Inspired by his teacher and their classes on the writings of Mark Twain and William Faulkner, he determined then that he wanted to relocate to the idyllic, dynamic southern locales he envisioned.
“I was just a farm kid doing chores on the farm and going to school,” he says with a smile, “It makes me light up to think about it because it’s ultimately what made me push myself to get here.”
Realizing that “the way to get me south is to get the army to do it,” so he joined the campus’ Reserve Officers Training Corps and completed a teaching degree in English, theatre, and speech.
“And then the first thing that the army did,” he recalls, “was they sent me to Germany!”
Although it wasn’t the assignment he’d hoped for, his patience – as well as his education in communication and performing under pressure - would pay off.
“I was living in Nuremberg, Germany,” he says, “Great experience; That’s where I first was introduced to nuclear weapons.”
His role as a Pershing 2 Missile Officer in the Cold War of the late 1970s meant he was responsible for maintaining the readiness of the front-line nuclear arsenal against the Soviet Union.
“You’re staring into the eyes of what was once a very dangerous man,” he says with a drawn breath, “because all I needed was a release from the president, and I was sending off the very first nukes.”
In February 1985, his circuitous path to the South finally came around; he was assigned to Fort Benning to initiate the development of a new nuclear artillery unit there.
“It worked out that I could come here,” he says, “so that was pretty good.”
STEPS, STAGE, AND SCREEN
Nearly two decades later, Brian is well-known throughout the city for his expansive personality, tenacious work ethic, and inclination toward volunteerism.
His jogging route leads him throughout downtown, past the tables and chairs of Broadway’s popular eateries.
His recurring characters (such as Norma, his most cherished) have been mainstays on the No Shame Theatre stage for years.
“I created [Norma] while I was driving back from Nebraska, years ago,” he says, “She’s a gossipy old woman and you never really know what she’s going to say or do.”
Brian remembers the first week of No Shame back in 2009: “It was like, wow, how come we haven’t had this before? It was a lot of fun.”

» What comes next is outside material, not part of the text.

(* Let $\mathcal{T} = \{T_1, \ldots, T_t\}$ be a set of unrooted binary phylogenetic trees on a common leaf set $X$, let $\mathcal{Q}$ be the set of quartets that are incompatible quartets of $T_1$ and $T_i$ for some $2 \le i \le t$, and let $\tilde x$ be an optimal solution of the linear program $$\text{minimize } \sum_{e \in E(T_1)} x_e \quad \text{s.t. } \sum_{e \in L(Q)} x_e \ge 1 \ \ \forall Q \in \mathcal{Q}, \qquad x_e \ge 0\ \ \forall e \in E(T_1).$$ Let $E \subseteq E(T_1)$ be the edge set produced by the following rounding procedure. Root $T_1$ at an arbitrary leaf $r$; for each edge $e$ let $u_e$ be its endpoint on the path from $r$ to the other endpoint $v_e$. Start with $E = \emptyset$. For the current $E$ and each edge $e$, let $D(e)$ be the set of edges $f$ such that $v_e$ lies on the path from $r$ to $v_f$ and the path from $v_e$ to $v_f$ contains no edge of $E$, and let $w(e) = \sum_{f \in D(e)} \tilde x_f$. While there exists an edge $e$ with $w(e) \ge 1/4$ and $w(f) < 1/4$ for all $f \in D(e) \setminus \{e\}$, add one such edge $e$ to $E$ (recomputing $D$ and $w$ afterwards); stop when every edge $e \in E(T_1) \setminus E$ has $w(e) < 1/4$. Then the final set $E$ is a feasible solution of the integer program $$\text{minimize } \sum_{e \in E(T_1)} x_e \quad \text{s.t. } \sum_{e \in L(Q)} x_e \ge 1 \ \ \forall Q \in \mathcal{Q}, \qquad x_e \in \{0,1\}\ \ \forall e \in E(T_1),$$ i.e., $L(Q) \cap E \ne \emptyset$ for every $Q \in \mathcal{Q}$.
   Context: A (binary) phylogenetic tree on a finite set $X$ is an unrooted tree whose internal vertices have degree 3 and whose leaves are bijectively labelled by $X$. Two phylogenetic trees on $X$ are isomorphic ($\cong$) if there is a graph isomorphism between them fixing every leaf label. For $Y \subseteq X$, $T[Y]$ is the minimal subtree of $T$ connecting the leaves in $Y$, and $T|_Y$ is obtained from $T[Y]$ by suppressing all degree-2 vertices. A quartet is a 4-element subset of $X$; for $Q=\{a,b,c,d\}$, $ab|cd$ is the tree on $Q$ where $a,b$ share a neighbour $u$, $c,d$ share a neighbour $v$, and $u,v$ are adjacent. If $T_1|_Q \cong ab|cd$, $L(Q)$ is the set of edges of $T_1[\{a,b\}] \cup T_1[\{c,d\}]$. $Q$ is an incompatible quartet of $T_1,T_i$ if $T_1|_Q \not\cong T_i|_Q$. A $0/1$ vector $x$ is identified with the edge set $\{e : x_e = 1\}$. *)

From HB Require Import structures.
From mathcomp Require Import all_boot all_order all_algebra.
From mathcomp Require Import boolp reals.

He’s still an active participant thirteen years later, believing No Shame to be a powerful and transformative setting that lets people “get their creative urges out” and “boost your own ego and confidence.”
In 2020, he starred in the Springer/Seven Zero Six collaboration film titled Stream It, which prominently features his carefully restored Lion House home. “It was a ball to do,” he says simply. Directed by John Houzer and written by Dan Quigley, with contributions from other Columbus based artists, Stream It is available to watch for free at vimeo.com/393085512.
Rooting into Columbus “Folks just come up to me,” he says, “and they go, ‘Brian, you’re always so involved. How can I be like you?’”
“I go, ‘Oh, geez, you don’t want to be like me,” laughing with a little self-deprecation before clarifying, “Well, here’s your guidance. Don’t do what I’m doing. If [something] is important to you, then roll up your sleeves and get involved. Do what would be a passion for you.”
To learn more about Brian and his role in the community, visit SpringerOperaHouse.org, HistoricColumbus.com, or search “The Lion House Columbus, Georgia” on Wikipedia. You can also catch Brian on the podcast “Off the Cuff Drunks,” on anything other than SoundCloud.
On Friday nights, you’re likely to find him performing at No Shame Theatre, often as Norma or one of his other personas; performances begin at 10:30 p.m. with only a $5 cover charge.
Or, just hang out downtown and you might see him eclipsing the sun on one of his afternoon runs.